DATASET RECORDS
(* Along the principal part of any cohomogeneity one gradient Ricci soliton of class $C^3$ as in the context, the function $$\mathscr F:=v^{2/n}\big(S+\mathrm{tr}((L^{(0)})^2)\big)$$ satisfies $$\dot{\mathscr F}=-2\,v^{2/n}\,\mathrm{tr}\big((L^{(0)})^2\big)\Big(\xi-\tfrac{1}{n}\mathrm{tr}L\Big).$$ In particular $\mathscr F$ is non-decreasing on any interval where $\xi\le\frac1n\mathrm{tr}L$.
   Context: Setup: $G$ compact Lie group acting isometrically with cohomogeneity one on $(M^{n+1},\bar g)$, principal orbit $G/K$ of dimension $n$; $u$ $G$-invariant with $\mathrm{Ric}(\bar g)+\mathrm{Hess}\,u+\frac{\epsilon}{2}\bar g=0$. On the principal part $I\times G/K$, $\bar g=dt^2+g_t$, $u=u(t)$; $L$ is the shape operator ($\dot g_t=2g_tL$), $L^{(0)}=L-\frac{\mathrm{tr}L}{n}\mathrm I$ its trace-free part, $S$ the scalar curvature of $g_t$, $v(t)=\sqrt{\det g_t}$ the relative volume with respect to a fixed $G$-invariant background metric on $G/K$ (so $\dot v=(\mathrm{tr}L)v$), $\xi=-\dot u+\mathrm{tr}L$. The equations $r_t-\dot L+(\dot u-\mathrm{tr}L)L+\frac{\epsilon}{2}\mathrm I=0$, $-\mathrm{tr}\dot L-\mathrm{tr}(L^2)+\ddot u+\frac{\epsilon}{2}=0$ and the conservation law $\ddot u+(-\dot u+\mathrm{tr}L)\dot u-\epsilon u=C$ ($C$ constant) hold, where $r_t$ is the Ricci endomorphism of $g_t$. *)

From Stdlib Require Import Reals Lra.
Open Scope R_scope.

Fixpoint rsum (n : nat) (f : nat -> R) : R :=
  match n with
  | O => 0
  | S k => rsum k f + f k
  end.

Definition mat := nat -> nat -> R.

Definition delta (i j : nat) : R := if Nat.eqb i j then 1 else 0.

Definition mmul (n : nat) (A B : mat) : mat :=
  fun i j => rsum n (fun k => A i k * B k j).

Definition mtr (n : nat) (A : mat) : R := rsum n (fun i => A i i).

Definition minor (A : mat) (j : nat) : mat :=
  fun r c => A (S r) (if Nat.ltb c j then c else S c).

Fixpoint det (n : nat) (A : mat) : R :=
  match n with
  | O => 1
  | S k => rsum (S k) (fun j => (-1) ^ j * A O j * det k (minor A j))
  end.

...

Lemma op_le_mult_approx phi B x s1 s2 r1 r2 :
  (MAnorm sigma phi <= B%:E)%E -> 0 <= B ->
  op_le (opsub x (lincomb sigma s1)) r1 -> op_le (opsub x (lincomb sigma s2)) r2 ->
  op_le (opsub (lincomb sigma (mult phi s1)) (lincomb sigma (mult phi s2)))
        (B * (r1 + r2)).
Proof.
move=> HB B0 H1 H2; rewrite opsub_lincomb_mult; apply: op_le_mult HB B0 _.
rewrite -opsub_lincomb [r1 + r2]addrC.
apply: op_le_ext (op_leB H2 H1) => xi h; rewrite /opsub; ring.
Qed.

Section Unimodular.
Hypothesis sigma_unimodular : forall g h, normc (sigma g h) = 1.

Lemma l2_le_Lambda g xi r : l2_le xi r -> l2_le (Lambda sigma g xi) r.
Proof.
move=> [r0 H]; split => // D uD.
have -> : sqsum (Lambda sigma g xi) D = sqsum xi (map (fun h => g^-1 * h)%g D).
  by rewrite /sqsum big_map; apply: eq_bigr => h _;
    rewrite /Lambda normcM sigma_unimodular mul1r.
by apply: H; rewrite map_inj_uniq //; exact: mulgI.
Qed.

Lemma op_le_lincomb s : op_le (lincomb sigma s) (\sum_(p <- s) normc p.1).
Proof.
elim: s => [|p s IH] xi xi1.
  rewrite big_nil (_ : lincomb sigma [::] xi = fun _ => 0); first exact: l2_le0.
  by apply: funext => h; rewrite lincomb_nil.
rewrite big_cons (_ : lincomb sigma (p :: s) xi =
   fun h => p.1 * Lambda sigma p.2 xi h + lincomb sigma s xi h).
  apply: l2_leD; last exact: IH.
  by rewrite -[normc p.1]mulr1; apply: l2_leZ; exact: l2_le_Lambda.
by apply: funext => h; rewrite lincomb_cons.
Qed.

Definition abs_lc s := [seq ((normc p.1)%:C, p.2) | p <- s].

ACTION ITEM
In the listing above, find the line containing "apply: l2_leD; last exact: IH." and the line containing "Definition abs_lc s", then quote both, plus every line between them, exactly as written.

WRITTEN ANSWER
  apply: l2_leD; last exact: IH.
  by rewrite -[normc p.1]mulr1; apply: l2_leZ; exact: l2_le_Lambda.
by apply: funext => h; rewrite lincomb_cons.
Qed.

Definition abs_lc s := [seq ((normc p.1)%:C, p.2) | p <- s].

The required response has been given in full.